You can do this however
select InitialSave from
(SELECT DATEDIFF(ss, BegTime, EndTime) AS InitialSave
FROM MyTable) aTable
WHERE InitialSave <= 10
As a sidenote - this essentially moves the DATEDIFF into the where statement in terms of where it's first defined. Using functions on columns in where statements causes indexes to not be used as efficiently and should be avoided if possible, however if you've got to use datediff then you've got to do it!

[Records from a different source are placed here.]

(* Let $P$ be a finite bounded poset with minimum $\hat{0}$ and maximum $\hat{1}$, and let $h$ be a height function on $P$. Then $$\mathsf{Z}_{P,h}([-1]_q)=q^{-h(\hat{0})-h(\hat{1})}\,\mu_P(\hat{0},\hat{1}),$$ where $\mu_P$ is the Möbius function of $P$.
   Context: $q$ is an indeterminate; $[n]_q=(q^n-1)/(q-1)$ for $n\in\mathbb{Z}$ (so $[-1]_q=-q^{-1}$). A height function is $h:P\to\mathbb{N}$ with $h(x)<h(y)$ whenever $y$ covers $x$. For a tuple $a$ of $k$ distinct nonnegative integers, $\mathsf{E}_a\in\mathbb{Q}(q)[x]$ is the unique polynomial with $\mathsf{E}_a([n]_q)=\sum_{m\in\mathbb{N}^k,\sum m_i=n}q^{\sum a_im_i}$ for $n\ge0$. The $q$-Zeta polynomial is $\mathsf{Z}_{P,h}(x)=\sum_{k\ge1}\sum_{c_1<\cdots<c_k\text{ in }P}q^{\sum_i h(c_i)}\mathsf{E}_{(h(c_1),\dots,h(c_k))}((x-[k+1]_q)/q^{k+1})$; it is the unique polynomial with $\mathsf{Z}_{P,h}([n]_q)=\sum_{e_1\le\cdots\le e_{n-1}}q^{\sum_j h(e_j)}$ for all $n\ge2$. *)

From HB Require Import structures.
From mathcomp Require Import all_boot all_order all_algebra.
From mathcomp Require Import fraction.
Set Implicit Arguments. Unset Strict Implicit. Unset Printing Implicit Defensive.
Import Order.TTheory GRing.Theory Num.Theory.

Definition Qq : fieldType := {fraction {poly rat}}.
Definition qvar : Qq := tofrac ('X : {poly rat}).

Definition qint (n : int) : Qq := ((qvar ^ n - 1) / (qvar - 1))%R.

Section Poset.
Context {disp : Order.disp_t} {P : finPOrderType disp}.
Local Open Scope order_scope.

Definition covers (x y : P) : bool :=
  (x < y) && [forall z : P, ~~ ((x < z) && (z < y))].

Definition is_height (h : P -> nat) : Prop :=
  forall x y : P, covers x y -> (h x < h y)%N.

(* Defined by recursion with fuel; fuel
   #|P| suffices since strict chains in P have at most #|P| elements. *)
Fixpoint mobius_rec (n : nat) (x y : P) : int :=
  match n with
  | 0 => 0%R
  | n'.+1 =>
      if x == y then 1%R
      else if x <= y then
        (- \sum_(z : P | ((x <= z)%O && (z < y)%O)) mobius_rec n' x z)%R
      else 0%R
  end.
Definition mobius (x y : P) : int := mobius_rec #|P| x y.

Definition multichain_sum (h : P -> nat) (k : nat) : Qq :=
  (\sum_(e : k.-tuple P | sorted <=%O (tval e))
      qvar ^+ (\sum_(x <- tval e) h x)%N)%R.

Definition is_qZeta (h : P -> nat) (Z : {poly Qq}) : Prop :=
  forall n : nat, (2 <= n)%N -> Z.[qint n%:Z]%R = multichain_sum h n.-1.
End Poset.

From HB Require Import structures.
From mathcomp Require Import all_boot all_order all_algebra.
From mathcomp Require Import fraction ring.
Set Implicit Arguments. Unset Strict Implicit. Unset Printing Implicit Defensive.
Import Order.TTheory GRing.Theory Num.Theory.
Local Open Scope ring_scope.

(* The affine substitution t = (q - 1) x + 1 sends [n]_q to q^n for every
   integer n, so it suffices to study polynomials in t.  Let F_n(y) be the
   weighted count of multichains 0 = e_0 <= e_1 <= ... <= e_n = y, with weight
   q^(h e_1 + ... + h e_n); that is, F_n(y) is the y-coordinate of
   delta_0 zeta^n for the weighted zeta matrix zeta(z, y) = q^(h y) [z <= y].
   Then F_n(y) = W_y(q^n) for a polynomial W_y of degree at most h(y), built
   by induction on y from the q-difference equation
     W_y(q t) = q^(h y) (W_y(t) + sum_(z < y) W_z(t)),   W_y(1) = [y = 0],
   which is solvable because the W_z with z < y have degree < h(y).  Taking
   t = q^-1 turns the equation into the recursion defining mu(0, y), so
   W_y(q^-1) = q^(-h 0) mu(0, y), and Z = q^(-h 1) W_1((q - 1) x + 1). *)

Lemma qvar_neq0 : qvar != 0.
Proof. by rewrite /qvar tofrac_eq0 polyX_eq0. Qed.

Lemma qvar_expn_inj : injective (fun n : nat => qvar ^+ n).
Proof.
move=> m n /=; rewrite /qvar -!tofracXn => /eqP; rewrite tofrac_eq => /eqP E.
by have := congr1 (fun p : {poly rat} => size p) E; rewrite !size_polyXn => -[].
Qed.

Lemma qvar_sub1_neq0 : qvar - 1 != 0.
Proof. by rewrite subr_eq0; apply/eqP => /(@qvar_expn_inj 1 0). Qed.

Definition qshift : {poly Qq} := (qvar - 1) *: 'X + 1.

Lemma horner_qshift (n : int) : qshift.[qint n] = qvar ^ n.
Proof.
by rewrite /qshift hornerD hornerZ hornerX hornerC mulrC divfK ?qvar_sub1_neq0 ?subrK.
Qed.

Lemma qint_nat_inj : injective (fun n : nat => qint n%:Z).
Proof.
by move=> m n /= /(congr1 (horner qshift)); rewrite !horner_qshift => /qvar_expn_inj.
Qed.

Lemma poly_eq0_on_injective (R : idomainType) (p : {poly R}) (f : nat -> R) :
  injective f -> (forall n, root p (f n)) -> p = 0.
Proof.
move=> f_inj p_f; apply: (@roots_geq_poly_eq0 _ _ [seq f i | i <- iota 0 (size p)]).
- by apply/allP => _ /mapP [i _ ->].
- by rewrite map_inj_uniq ?iota_uniq.
- by rewrite size_map size_iota.
Qed.

Section QDifferenceEquation.
Variables (F : fieldType) (a : F) (b : nat).
Hypothesis a_expn_neq : forall i, (i < b)%N -> a ^+ i != a ^+ b.

(* Comparing coefficients of t^i forces W_i = a^b G_i / (a^i - a^b) for
   i < b, while the coefficient of t^b is free and fits the value at 1. *)
Lemma qdifference_eq_solvable (G : {poly F}) (c : F) : (size G <= b)%N ->
  exists W : {poly F}, [/\ (size W <= b.+1)%N, W.[1] = c &
    forall t, W.[a * t] = a ^+ b * (W.[t] + G.[t])].
Proof.
move=> sG.
pose S : {poly F} := \poly_(i < b) (a ^+ b * G`_i / (a ^+ i - a ^+ b)).
have S_eq t : S.[a * t] = a ^+ b * (S.[t] + \sum_(i < b) G`_i * t ^+ i).
  rewrite !horner_poly mulrDr !mulr_sumr -big_split /=; apply: eq_bigr => i _.
  have ne : a ^+ i - a ^+ b != 0 by rewrite subr_eq0 a_expn_neq.
  by rewrite exprMn; field.
exists (S + (c - S.[1]) *: 'X^b); split.
- rewrite (leq_trans (size_polyD _ _)) // geq_max (leq_trans (size_poly _ _)) //=.
  by rewrite (leq_trans (size_scale_leq _ _)) // size_polyXn.
- by rewrite hornerD hornerZ hornerXn expr1n mulr1 addrC subrK.
move=> t; rewrite !hornerD !hornerZ !hornerXn exprMn (horner_coef_wide _ sG) S_eq.
ring.
Qed.

End QDifferenceEquation.

Section FinPOrder.
Context {disp : Order.disp_t} {P : finPOrderType disp}.

Definition card_below (y : P) : nat := #|[set z : P | (z < y)%O]|.

Lemma card_below_lt (z y : P) : (z < y)%O -> (card_below z < card_below y)%N.
Proof.
move=> zy; apply: proper_card; apply/properP; split.
  by apply/subsetP => w; rewrite !inE => /lt_trans; apply.
by exists z; rewrite !inE ?ltxx.
Qed.

Lemma card_below_ltT (y : P) : (card_below y < #|P|)%N.
Proof.
rewrite -cardsT; apply: proper_card; rewrite properT; apply/eqP => E.
by have : y \in [set: P] by []; rewrite -E inE ltxx.
Qed.

Lemma height_lt (h : P -> nat) (z y : P) : is_height h -> (z < y)%O -> (h z < h y)%N.
Proof.
move=> hh; have [k] := ubnP (card_below y - card_below z).
elim: k z y => [//|k IHk] z y; rewrite ltnS => Hk zy.
have [/hh //|] := boolP (covers z y).
rewrite /covers zy negb_forall => /existsP [w]; rewrite negbK => /andP [zw wy].
have [czw cwy] := (card_below_lt zw, card_below_lt wy).
apply: (@ltn_trans (h w)); apply: IHk => //; apply: leq_trans Hk.
  by rewrite ltn_sub2r // (ltn_trans czw).
by rewrite ltn_sub2l // (ltn_trans czw).
Qed.

Lemma mobius_rec_stable (m n : nat) (x y : P) :
  (card_below y < m)%N -> (card_below y < n)%N -> mobius_rec m x y = mobius_rec n x y.
Proof.
elim: m n x y => [//|m IHm] [//|n] x y ym yn /=.
case: eqP => // _; case: ifP => // _; congr (- _); apply: eq_bigr => z /andP [_ zy].
by apply: IHm; apply: leq_trans (card_below_lt zy) _.
Qed.

Lemma mobiusE (x y : P) : mobius x y =
  if x == y then 1 else if (x <= y)%O then
    - \sum_(z : P | (x <= z)%O && (z < y)%O) mobius x z else 0.
Proof.
rewrite {1}/mobius; have := card_below_ltT y; case: #|P| => [//|n] yn /=.
case: eqP => // _; case: ifP => // _; congr (- _); apply: eq_bigr => z /andP [_ zy].
by apply: mobius_rec_stable (card_below_ltT z); apply: leq_trans (card_below_lt zy) _.
Qed.

End FinPOrder.

Section BoundedPOrder.
Variables (disp : Order.disp_t) (P : finTBPOrderType disp) (h : P -> nat).

Lemma sum_mobius_bot (y : P) :
  \sum_(z | (z <= y)%O) mobius \bot%O z = (y == \bot%O)%:R.
Proof.
have [->|yn0] := eqVneq y \bot%O.
  rewrite (big_pred1 \bot%O) ?mobiusE ?eqxx // => z.
  by rewrite le_eqVlt ltx0 orbF.
rewrite (bigD1 y) //= mobiusE eq_sym (negPf yn0) le0x addrC.
apply/eqP; rewrite subr_eq0; apply/eqP/eq_bigl => z.
by rewrite le0x lt_neqAle andbC.
Qed.

Lemma mobius_bot_of_rec (y : P) (w : Qq) :
  (y == \bot%O)%:R =
    qvar ^+ h y * (w + \sum_(z | (z < y)%O) qvar ^- h \bot%O * (mobius \bot%O z)%:~R) ->
  w = qvar ^- h \bot%O * (mobius \bot%O y)%:~R.
Proof.
rewrite -mulr_sumr -rmorph_sum /=; set S := \sum_(z | _) _ => E.
have mu_y : mobius \bot%O y = (y == \bot%O)%:R - S.
  rewrite -sum_mobius_bot (bigD1 y) //= (eq_bigl (fun z => (z < y)%O)) ?addrK //.
  by move=> z; rewrite lt_neqAle andbC.
have qh_neq0 : qvar ^+ h y != 0 by rewrite expf_neq0 ?qvar_neq0.
rewrite mu_y rmorphB /=; have [yb|yn0] := eqVneq y \bot%O; move: E.
  have -> : S = 0 by rewrite /S big_pred0 // => z; rewrite yb ltx0.
  move: qh_neq0; rewrite yb eqxx /= !rmorph0 subr0 mulr0 addr0 rmorph1 mulr1 => qh_neq0 E.
  by apply: (mulfI qh_neq0); rewrite mulfV // -E.
rewrite (negPf yn0) !mulr0n rmorph0 sub0r mulrN => /esym/eqP.
by rewrite mulf_eq0 (negPf qh_neq0) addr_eq0 => /eqP.
Qed.

Definition chain_sum_below (k : nat) (y : P) : Qq :=
  \sum_(e : k.-tuple P | sorted >=%O e && all (fun x => (x <= y)%O) e)
    qvar ^+ (\sum_(x <- e) h x)%N.

Lemma multichain_sum_top (k : nat) : multichain_sum h k = chain_sum_below k \top%O.
Proof.
have rev_inj : injective (@rev_tuple k P).
  by move=> s t /(congr1 val) /(congr1 rev); rewrite !revK => /val_inj.
rewrite /multichain_sum (reindex_inj rev_inj); apply: eq_big => [e|e _] /=.
  by rewrite rev_sorted; under eq_all do rewrite lex1; rewrite all_predT andbT.
by rewrite big_rev.
Qed.

Lemma chain_sum_below0 (y : P) : chain_sum_below 0 y = 1.
Proof.
rewrite /chain_sum_below (big_pred1 [tuple]) ?big_nil ?expr0 // => e.
by rewrite tuple0 /=; apply/esym/eqP.
Qed.

Lemma chain_sum_belowS (k : nat) (y : P) :
  chain_sum_below k.+1 y = \sum_(x | (x <= y)%O) qvar ^+ h x * chain_sum_below k x.
Proof.
rewrite /chain_sum_below (reindex (fun p : P * k.-tuple P => [tuple of p.1 :: p.2])) /=.
  under [RHS]eq_bigr => x _ do rewrite mulr_sumr.
  rewrite pair_big_dep; apply: eq_big => [[x t]|[x t] _] /=; last first.
    by rewrite big_cons exprD.
  rewrite (path_sortedE ge_trans).
  apply/and3P/and3P => [[/andP [tx st] xy _] | [xy st tx]]; split=> //.
    by apply/andP.
  by apply/allP => z /(allP tx) zx; apply: le_trans zx xy.
exists (fun e => (thead e, behead_tuple e)) => [[x t] _|e _] /=.
  by congr pair; apply: val_inj.
by rewrite [RHS](tuple_eta e).
Qed.

Fixpoint zeta_iter (n : nat) (y : P) : Qq :=
  if n is n'.+1 then qvar ^+ h y * \sum_(z | (z <= y)%O) zeta_iter n' z
  else (y == \bot%O)%:R.

Lemma zeta_iterS_chain_sum (k : nat) (y : P) :
  zeta_iter k.+1 y = qvar ^+ h y * chain_sum_below k y.
Proof.
elim: k y => [|k IHk] y.
  rewrite /= chain_sum_below0 (bigD1 \bot%O) ?le0x //= eqxx big1 ?addr0 // => z.
  by case/andP => _ /negPf ->.
by rewrite chain_sum_belowS; congr (_ * _); apply: eq_bigr => z _; exact: IHk.
Qed.

Lemma zeta_iterS_split (n : nat) (y : P) :
  zeta_iter n.+1 y = qvar ^+ h y * (zeta_iter n y + \sum_(z | (z < y)%O) zeta_iter n z).
Proof.
rewrite /= (bigD1 y) //= (eq_bigl (fun z => (z < y)%O)) // => z.
by rewrite lt_neqAle andbC.
Qed.

Hypothesis hh : is_height h.

Lemma zeta_iter_interpolant (y : P) : exists W : {poly Qq},
  [/\ (size W <= (h y).+1)%N, forall n, W.[qvar ^+ n] = zeta_iter n y &
      W.[qvar^-1] = qvar ^- h \bot%O * (mobius \bot%O y)%:~R].
Proof.
have [m] := ubnP (card_below y); elim: m y => [//|m IHm] y; rewrite ltnS => ym.
have /fin_all_exists [Wz HWz] : forall z, exists W : {poly Qq}, (z < y)%O ->
    [/\ (size W <= (h z).+1)%N, forall n, W.[qvar ^+ n] = zeta_iter n z &
        W.[qvar^-1] = qvar ^- h \bot%O * (mobius \bot%O z)%:~R].
  move=> z; have [zy|_] := boolP (z < y)%O; last by exists 0.
  by have [W HW] := IHm z (leq_trans (card_below_lt zy) ym); exists W.
pose G := \sum_(z | (z < y)%O) Wz z.
have size_G : (size G <= h y)%N.
  rewrite /G; elim/big_ind: _ => [|p1 p2 s1 s2|z zy]; first by rewrite size_poly0.
    by rewrite (leq_trans (size_polyD _ _)) // geq_max s1 s2.
  by have [sW _ _] := HWz z zy; apply: leq_trans sW (height_lt hh zy).
have qexp_neq i : (i < h y)%N -> qvar ^+ i != qvar ^+ h y.
  by move=> iy; apply/eqP => /qvar_expn_inj E; rewrite E ltnn in iy.
have [W [size_W W1 WS]] := qdifference_eq_solvable qexp_neq (zeta_iter 0 y) size_G.
have W_rec t : W.[qvar * t] = qvar ^+ h y * (W.[t] + \sum_(z | (z < y)%O) (Wz z).[t]).
  by rewrite WS /G horner_sum.
exists W; split=> //.
- elim=> [|n IHn]; first by rewrite expr0 W1.
  rewrite exprS W_rec IHn zeta_iterS_split; congr (_ * (_ + _)).
  by apply: eq_bigr => z zy; have [_ -> _] := HWz z zy.
apply: mobius_bot_of_rec; transitivity W.[qvar * qvar^-1].
  by rewrite mulfV ?qvar_neq0 // W1.
rewrite W_rec; congr (_ * (_ + _)).
by apply: eq_bigr => z zy; have [_ _ ->] := HWz z zy.
Qed.

End BoundedPOrder.

Unset Implicit Arguments. Set Strict Implicit. Set Printing Implicit Defensive.
Local Close Scope ring_scope.

Theorem mainTheorem14 (disp : Order.disp_t) (P : finTBPOrderType disp)
  (h : P -> nat) (hh : is_height h) :
  (exists Z : {poly Qq}, is_qZeta h Z) /\
  (forall Z : {poly Qq}, is_qZeta h Z ->
     (Z.[qint (-1)%R] =
       qvar ^ (- (h (\bot%O : P) + h (\top%O : P))%:Z)%R
         * (mobius (\bot%O : P) (\top%O : P))%:~R)%R).
Proof.
have [W [_ W_qexp W_qinv]] := zeta_iter_interpolant hh \top%O.
pose Z0 := (qvar ^- h \top%O *: (W \Po qshift))%R.
have Z0_qZeta : is_qZeta h Z0.
  case=> [//|n] _; rewrite hornerZ horner_comp horner_qshift W_qexp.
  by rewrite zeta_iterS_chain_sum mulKf ?expf_neq0 ?qvar_neq0 // multichain_sum_top.
split; first by exists Z0.
move=> Z Z_qZeta; have -> : Z = Z0.
  apply/eqP; rewrite -subr_eq0; apply/eqP.
  apply: (@poly_eq0_on_injective _ _ (fun n => qint (n + 2)%N%:Z)).
    by move=> m n /qint_nat_inj /addIn.
  by move=> n; rewrite rootE hornerD hornerN Z_qZeta ?Z0_qZeta ?leq_addl ?subrr.
rewrite hornerZ horner_comp horner_qshift exprN1 W_qinv.
by rewrite -exprnN exprD invfM; ring.
Qed.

beyond making it "work", you need to use an index
use a computed column with an index, or a view with an index, otherwise you will table scan. when you get enough rows, you will feel the PAIN of the slow scan!
computed column & index:
ALTER TABLE MyTable ADD
ComputedDate AS DATEDIFF(ss,BegTime, EndTime)
GO
CREATE NONCLUSTERED INDEX IX_MyTable_ComputedDate ON MyTable
(
ComputedDate
) WITH( STATISTICS_NORECOMPUTE = OFF, IGNORE_DUP_KEY = OFF, ALLOW_ROW_LOCKS = ON, ALLOW_PAGE_LOCKS = ON) ON [PRIMARY]
GO
create a view & index:
CREATE VIEW YourNewView
AS
SELECT
KeyValues
,DATEDIFF(ss, BegTime, EndTime) AS InitialSave
FROM MyTable
GO
CREATE CLUSTERED INDEX IX_YourNewView
ON YourNewView(InitialSave)
GO
You have to use the function instead of the column alias - it is the same with count(*), etc. PITA.
As an alternate, you can use computed columns.